● Directions for this task
Search the records for "unfold" and copy each line that holds it.

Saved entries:

+++

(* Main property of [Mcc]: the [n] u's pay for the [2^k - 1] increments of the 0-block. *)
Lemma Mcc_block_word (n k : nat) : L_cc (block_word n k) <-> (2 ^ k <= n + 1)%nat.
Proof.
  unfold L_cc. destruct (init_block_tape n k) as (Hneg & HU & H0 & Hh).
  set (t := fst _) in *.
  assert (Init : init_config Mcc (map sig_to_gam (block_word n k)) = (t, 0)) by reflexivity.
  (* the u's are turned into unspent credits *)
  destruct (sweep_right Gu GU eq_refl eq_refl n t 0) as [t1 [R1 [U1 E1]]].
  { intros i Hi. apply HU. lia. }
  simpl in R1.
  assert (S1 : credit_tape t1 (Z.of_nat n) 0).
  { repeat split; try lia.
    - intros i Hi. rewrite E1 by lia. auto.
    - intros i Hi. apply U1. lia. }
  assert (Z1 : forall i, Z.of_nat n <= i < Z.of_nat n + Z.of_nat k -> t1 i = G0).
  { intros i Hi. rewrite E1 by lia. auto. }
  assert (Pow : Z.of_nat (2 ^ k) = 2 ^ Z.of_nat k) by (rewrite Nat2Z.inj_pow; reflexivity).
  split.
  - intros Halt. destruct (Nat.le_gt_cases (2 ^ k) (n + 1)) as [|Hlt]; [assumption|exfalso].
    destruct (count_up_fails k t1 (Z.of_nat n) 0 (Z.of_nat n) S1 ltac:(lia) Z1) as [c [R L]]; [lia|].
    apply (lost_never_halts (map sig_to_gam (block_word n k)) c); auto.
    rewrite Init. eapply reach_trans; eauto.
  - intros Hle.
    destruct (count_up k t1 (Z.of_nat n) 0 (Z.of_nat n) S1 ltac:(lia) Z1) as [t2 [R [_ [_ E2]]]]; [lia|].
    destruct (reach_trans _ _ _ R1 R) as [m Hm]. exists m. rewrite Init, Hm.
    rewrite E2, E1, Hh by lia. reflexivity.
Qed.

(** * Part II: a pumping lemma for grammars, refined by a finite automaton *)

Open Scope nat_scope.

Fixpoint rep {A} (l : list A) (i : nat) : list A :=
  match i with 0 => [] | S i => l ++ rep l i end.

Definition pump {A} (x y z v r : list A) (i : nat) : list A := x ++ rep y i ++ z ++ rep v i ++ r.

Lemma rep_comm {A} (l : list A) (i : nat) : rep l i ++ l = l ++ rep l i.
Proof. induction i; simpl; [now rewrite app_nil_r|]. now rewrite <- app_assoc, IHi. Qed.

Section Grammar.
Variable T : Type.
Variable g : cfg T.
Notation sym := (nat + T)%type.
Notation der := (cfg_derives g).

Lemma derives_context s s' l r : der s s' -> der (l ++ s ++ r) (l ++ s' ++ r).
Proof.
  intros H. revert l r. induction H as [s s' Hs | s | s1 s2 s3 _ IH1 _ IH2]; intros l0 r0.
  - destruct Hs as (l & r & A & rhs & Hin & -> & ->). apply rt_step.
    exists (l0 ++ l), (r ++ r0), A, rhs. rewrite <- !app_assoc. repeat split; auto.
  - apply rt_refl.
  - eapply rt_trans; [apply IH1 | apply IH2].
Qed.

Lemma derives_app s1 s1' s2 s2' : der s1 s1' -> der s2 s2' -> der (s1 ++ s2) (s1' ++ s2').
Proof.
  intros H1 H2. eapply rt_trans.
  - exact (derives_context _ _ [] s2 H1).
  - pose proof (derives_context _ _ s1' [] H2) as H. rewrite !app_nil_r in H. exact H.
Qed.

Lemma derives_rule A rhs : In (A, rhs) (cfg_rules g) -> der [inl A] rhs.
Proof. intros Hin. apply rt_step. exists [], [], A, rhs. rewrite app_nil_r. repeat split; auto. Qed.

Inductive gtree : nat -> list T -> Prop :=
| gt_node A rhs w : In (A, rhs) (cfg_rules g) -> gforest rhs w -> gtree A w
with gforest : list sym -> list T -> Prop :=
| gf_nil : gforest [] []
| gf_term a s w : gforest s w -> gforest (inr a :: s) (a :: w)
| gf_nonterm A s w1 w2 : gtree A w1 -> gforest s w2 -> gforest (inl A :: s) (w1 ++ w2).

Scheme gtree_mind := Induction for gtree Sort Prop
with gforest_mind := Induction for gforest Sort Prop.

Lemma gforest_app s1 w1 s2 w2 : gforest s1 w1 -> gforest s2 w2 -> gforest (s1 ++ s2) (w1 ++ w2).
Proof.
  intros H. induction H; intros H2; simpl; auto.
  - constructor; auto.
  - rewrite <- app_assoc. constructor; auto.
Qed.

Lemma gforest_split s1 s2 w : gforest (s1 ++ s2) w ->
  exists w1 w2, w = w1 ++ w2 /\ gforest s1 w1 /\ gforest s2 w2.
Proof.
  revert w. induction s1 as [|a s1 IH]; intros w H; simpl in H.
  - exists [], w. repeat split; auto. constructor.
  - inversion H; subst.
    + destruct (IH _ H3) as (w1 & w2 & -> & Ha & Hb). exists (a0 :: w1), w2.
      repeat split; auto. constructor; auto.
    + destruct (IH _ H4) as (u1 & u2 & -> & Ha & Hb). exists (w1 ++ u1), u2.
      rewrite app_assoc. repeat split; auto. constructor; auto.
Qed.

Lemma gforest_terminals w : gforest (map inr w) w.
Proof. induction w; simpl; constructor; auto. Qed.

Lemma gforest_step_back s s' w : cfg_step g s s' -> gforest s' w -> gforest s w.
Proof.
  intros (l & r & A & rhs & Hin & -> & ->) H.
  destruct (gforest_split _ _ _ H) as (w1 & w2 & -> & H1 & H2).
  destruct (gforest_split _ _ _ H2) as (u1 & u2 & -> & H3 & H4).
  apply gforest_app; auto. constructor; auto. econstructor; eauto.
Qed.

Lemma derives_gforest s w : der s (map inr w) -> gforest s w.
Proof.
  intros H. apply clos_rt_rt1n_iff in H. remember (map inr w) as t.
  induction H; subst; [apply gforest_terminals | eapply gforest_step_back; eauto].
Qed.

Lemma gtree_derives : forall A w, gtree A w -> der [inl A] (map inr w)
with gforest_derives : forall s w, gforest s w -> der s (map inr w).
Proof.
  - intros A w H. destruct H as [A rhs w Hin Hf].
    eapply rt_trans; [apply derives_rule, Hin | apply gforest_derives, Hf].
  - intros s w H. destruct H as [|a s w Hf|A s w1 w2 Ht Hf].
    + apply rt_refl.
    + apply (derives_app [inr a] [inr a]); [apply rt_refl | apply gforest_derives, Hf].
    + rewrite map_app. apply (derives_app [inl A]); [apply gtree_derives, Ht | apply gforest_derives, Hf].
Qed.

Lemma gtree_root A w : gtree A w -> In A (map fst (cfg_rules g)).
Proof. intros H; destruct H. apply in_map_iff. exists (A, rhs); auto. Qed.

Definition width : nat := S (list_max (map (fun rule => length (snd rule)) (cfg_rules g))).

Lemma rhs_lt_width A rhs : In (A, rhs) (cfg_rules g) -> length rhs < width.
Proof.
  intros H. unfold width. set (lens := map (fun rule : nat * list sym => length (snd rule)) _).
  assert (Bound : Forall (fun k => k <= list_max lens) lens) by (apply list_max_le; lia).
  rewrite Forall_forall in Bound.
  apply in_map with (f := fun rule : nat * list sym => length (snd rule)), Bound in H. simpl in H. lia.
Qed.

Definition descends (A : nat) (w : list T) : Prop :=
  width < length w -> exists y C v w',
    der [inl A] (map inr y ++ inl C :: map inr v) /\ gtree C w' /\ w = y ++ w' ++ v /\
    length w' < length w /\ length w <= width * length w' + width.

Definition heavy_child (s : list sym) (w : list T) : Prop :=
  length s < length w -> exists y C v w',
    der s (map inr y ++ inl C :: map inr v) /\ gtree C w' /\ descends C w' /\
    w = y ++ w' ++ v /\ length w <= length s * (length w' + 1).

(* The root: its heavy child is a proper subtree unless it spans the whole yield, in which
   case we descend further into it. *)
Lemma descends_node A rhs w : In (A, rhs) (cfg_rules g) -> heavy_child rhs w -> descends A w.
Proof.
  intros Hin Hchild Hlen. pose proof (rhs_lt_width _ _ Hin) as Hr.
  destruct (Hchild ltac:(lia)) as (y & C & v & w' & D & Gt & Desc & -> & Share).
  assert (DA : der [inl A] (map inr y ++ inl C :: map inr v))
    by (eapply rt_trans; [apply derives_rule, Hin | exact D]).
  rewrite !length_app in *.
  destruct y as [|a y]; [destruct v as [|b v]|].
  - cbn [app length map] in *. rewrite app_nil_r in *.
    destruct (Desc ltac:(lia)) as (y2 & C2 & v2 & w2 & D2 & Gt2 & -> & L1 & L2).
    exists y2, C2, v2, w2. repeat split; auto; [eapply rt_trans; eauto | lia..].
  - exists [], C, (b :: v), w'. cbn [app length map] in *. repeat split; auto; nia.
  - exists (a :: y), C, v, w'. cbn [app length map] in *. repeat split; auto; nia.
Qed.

+++

● Answer box
  unfold L_cc. destruct (init_block_tape n k) as (Hneg & HU & H0 & Hh).
  intros H. unfold width. set (lens := map (fun rule : nat * list sym => length (snd rule)) _).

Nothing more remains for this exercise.